Ahora vemos como algo desechable el trabajo físico, nuestro progreso “intelectual” nos obliga a
pasar horas frente a computadoras y desempeñar trabajos de oficina que deterioran
progresivamente nuestra salud, acumulando grasa a diversos niveles, dando entrada a
enfermedades como la diabetes mellitus, hipertensión arterial, entre muchas otras. El incremento en
la expectativa de vida también ha incrementado la prevalencia de otras enfermedades crónicas
como el cáncer, que es tan común en los adultos mayores.
Por si fuera poco, en los últimos años hemos volteado a ver a los protagonistas microscópicos
llamados bacterias porque sospechamos que estos seres diminutos (microbiota intestinal) pueden
tener una participación importante en el desarrollo de enfermedades como la diabetes mellitus. No
cabe duda que hay capítulos que pueden volverse interminables.
Así, las batallas que debemos librar hoy en día y en cuya vanguardia debemos ir los clínicos, para
sumarnos como soldados en la guerra de la supervivencia, son en contra las enfermedades crónicas.
Pero, ¿cómo lograremos esto?
Para nuestra fortuna, a pesar de que la mayoría de las veces las enfermedades crónicas están
cifradas por una marca hereditaria, el desencadenamiento genético es consecuente a su interacción
con el ambiente en el que se desarrollan los organismos y, terminantemente, los factores
ambientales son susceptiblemente modificables.
Así, los especialistas del siglo XXI debemos accionar todas aquellas estrategias terapéuticas que
lleven al ser humano a transitar de manera exitosa esa sobrevida que hemos logrado, aunque el
verdadero valor del actuar clínico debe y deberá radicar en todo momento en el aspecto preventivo,
en la educación sobre los hábitos adecuados que permitan el equilibrio homeostático: entre los
factores medioambientales y los internos (llámense biopsicosociales).
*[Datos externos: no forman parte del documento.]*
(* On the event [X = 0] the deviation [(X - E X)^2] equals [(E X)^2]. *)
Lemma second_moment_method (X : conf n -> R) :
  prob d q (fun x => X x == 0) * expect X ^+ 2 <=
  expect (fun x => X x ^+ 2) - expect X ^+ 2.
Proof.
set mu := expect X.
have -> : expect (fun x => X x ^+ 2) - mu ^+ 2 = expect (fun x => (X x - mu) ^+ 2).
  have Ew1 : \sum_(x : conf n) weight d q x = 1.
    by rewrite -prob_predT /prob; apply: eq_bigl.
  rewrite [RHS](eq_bigr (fun x => weight d q x * X x ^+ 2
    - 2 * mu * (weight d q x * X x) + mu ^+ 2 * weight d q x)) => [|x _]; last by ring.
  rewrite big_split sumrB /= -!mulr_sumr Ew1 -/(expect X) -/mu.
  by rewrite [in LHS]/expect /=; ring.
rewrite probE /expect mulr_suml; apply: ler_sum => x _.
rewrite -mulrA; apply: ler_wpM2l; first exact: weight_ge0.
by case: eqP => [->|_]; rewrite ?mul1r ?sub0r ?sqrrN ?mul0r ?sqr_ge0.
Qed.

End Probability.

Lemma sum_expr_card (T : finType) (t : R) :
  \sum_(B : {set T}) t ^+ #|B| = (1 + t) ^+ #|T|.
Proof.
have -> : (1 + t) ^+ #|T| = \prod_(i : T) \sum_(b : bool) (if b then t else 1).
  by rewrite -prodr_const; apply: eq_bigr => i _; rewrite big_bool addrC.
rewrite bigA_distr_bigA (reindex (fun A : {set T} => [ffun i => i \in A])) /=.
  apply: eq_bigr => A _; rewrite -prodr_const [LHS]big_mkcond /=.
  by apply: eq_bigr => i _; rewrite ffunE.
exists (fun f : {ffun T -> bool} => [set i | f i]) => [A _|f _].
  by apply/setP => i; rewrite inE ffunE.
by apply/ffunP => i; rewrite ffunE inE.
Qed.
Lemma shiftmx_toep (l n m p : nat) (A : 'M[R]_n) (B : 'M[R]_(n, m)) (C : 'M[R]_(p, n)) :
  shiftmx R l p *m toep l A B C + lastblk R l p *m (C *m reachmx l A B)
  = obsv l A C *m (B *m (delta_blk l m 0)^T) + toep l A B C *m shiftmx R l m.
Proof.
apply/matrixP => i j; rewrite mxE [RHS]mxE lastblkE mul_delta_blk mulmx_reachmxE.
rewrite (@mul_shiftmx l p _ _ (fun a r j => if (blk j < a)%N then
   (C *m A ^+ (a - blk j - 1) *m B) r (off j) else 0)); last by move=> k j'; rewrite mxE.
rewrite mulmxA mul_tr_delta_blk obsv_mulmxE.
rewrite (@mulmx_shiftmx l m _ _ (fun i a r => if (a < blk i)%N then
   (C *m A ^+ (blk i - a - 1) *m B) (off i) r else 0)); last by move=> i' k; rewrite mxE.
have := blk_lt i; have := blk_lt j; move: (blk i) (blk j) => a b lt_al lt_bl.
have CAB e1 e2 : e1 = e2 ->
  (C *m A ^+ e1 *m B) (off i) (off j) = (C *m A ^+ e2 *m B) (off i) (off j).
  by move=> ->.
by repeat case: ifP => ?; rewrite ?addr0 ?add0r //; (apply: CAB || exfalso); lia.
Qed.

Lemma toep_lastblk (l n m p : nat) (A : 'M[R]_n) (B : 'M[R]_(n, m)) (C : 'M[R]_(p, n)) :
  toep l A B C *m lastblk R l m = 0.
Proof.
apply/matrixP => i j; rewrite [RHS]mxE lastblkE.
rewrite (@mulmx_delta_blk l m _ l.-1 _ (fun i a r => if (a < blk i)%N then
   (C *m A ^+ (blk i - a - 1) *m B) (off i) r else 0)); last by move=> i' k; rewrite mxE.
by have := blk_lt i; case: ifP => // _ ?; case: ifP => // ?; lia.
Qed.

(* The state of (augA, augB) is the state x at the start of a window of l
   inputs together with those inputs, oldest first; Hmx maps it to the output
   and input windows it produces. *)
Definition augA (l n m : nat) (A : 'M[R]_n) (B : 'M[R]_(n, m)) : 'M[R]_(n + l * m) :=
  block_mx A (B *m (delta_blk l m 0)^T) 0 (shiftmx R l m).

Definition augB (l n m : nat) : 'M[R]_(n + l * m, m) := col_mx 0 (delta_blk l m l.-1).

Lemma Amx_Hmx (l n m p : nat) (A : 'M[R]_n) (B : 'M[R]_(n, m)) (C : 'M[R]_(p, n))
    (OL : 'M[R]_(n, l * p)) :
  OL *m obsv l A C = 1%:M -> Amx A B C OL *m Hmx l A B C = Hmx l A B C *m augA l A B.
Proof.
move=> OLK; rewrite /Amx /Fmx /Lmx /Zmx /Hmx /augA mul_col_row !mul0mx add_block_mx.
rewrite !addr0 !mulmx_block !mulmx0 !mul0mx !addr0 !add0r !mulmx1 !mul1mx.
congr block_mx; first by rewrite mulmxDl -!mulmxA OLK mulmx1 shiftmx_obsv.
rewrite mulmxDl mulmxBr !mulmxA [_ - _]addrC addrA addrK -mulmxA -[_ *m B *m _]mulmxA.
exact: shiftmx_toep.
Qed.

Lemma Bmx_Hmx (l n m p : nat) (A : 'M[R]_n) (B : 'M[R]_(n, m)) (C : 'M[R]_(p, n)) :
  Bmx R l p m = Hmx l A B C *m augB l n m.
Proof.
by rewrite /Bmx /Hmx /augB mul_block_col !mulmx0 !add0r mul1mx -lastblkE toep_lastblk.
Qed.

Lemma reachmx_mulmx (k k' m N : nat) (M1 : 'M[R]_k) (M2 : 'M[R]_k')
    (H : 'M[R]_(k, k')) (N2 : 'M[R]_(k', m)) :
  M1 *m H = H *m M2 -> reachmx N M1 (H *m N2) = H *m reachmx N M2 N2.
Proof.
move=> M12; have powM12 e : M1 ^+ e *m H = H *m M2 ^+ e.
  elim: e => [|e IH]; first by rewrite !expr0 mul1mx mulmx1.
  by rewrite !exprS -!mulmxE -mulmxA IH mulmxA M12 mulmxA.
apply/matrixP => i j; rewrite [LHS]mxE mulmxA powM12 -mulmxA !mxE.
by apply: eq_bigr => s _; rewrite /reachmx mxE.
Qed.

Lemma augA_mul_col_mx (l n m c : nat) (A : 'M[R]_n) (B : 'M[R]_(n, m))
    (X : 'M[R]_(n, m)) : (c < l)%N ->
  augA l A B *m col_mx X (delta_blk l m c) =
  col_mx (A *m X + (if c == 0%N then B else 0))
         (if c == 0%N then 0 else delta_blk l m c.-1).
Proof.
move=> lt_cl; rewrite /augA mul_block_col mul0mx add0r -mulmxA.
rewrite tr_delta_blk0_mul // shiftmx_delta_blk // mul_mx_scalar.
by case: (c == 0%N); rewrite ?scale1r ?scale0r.
Qed.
Este mundo globalizado, ahora con mayor apertura a la información puede parecernos confuso,
generándonos una “indigestión” informativa, y es aquí, donde los profesionales de distintas áreas
debemos colaborar con la transmisión del conocimiento a los grupos de los “no expertos” en los
temas de la salud. Debemos colaborar aceptando nuestras limitaciones, pero favoreciendo un
cambio intelectual en contra de la desinformación, favoreciendo una reflexión concienzuda sobre la
importancia del cuidado de nuestros cuerpos y por ende, mejorar nuestra calidad de vida.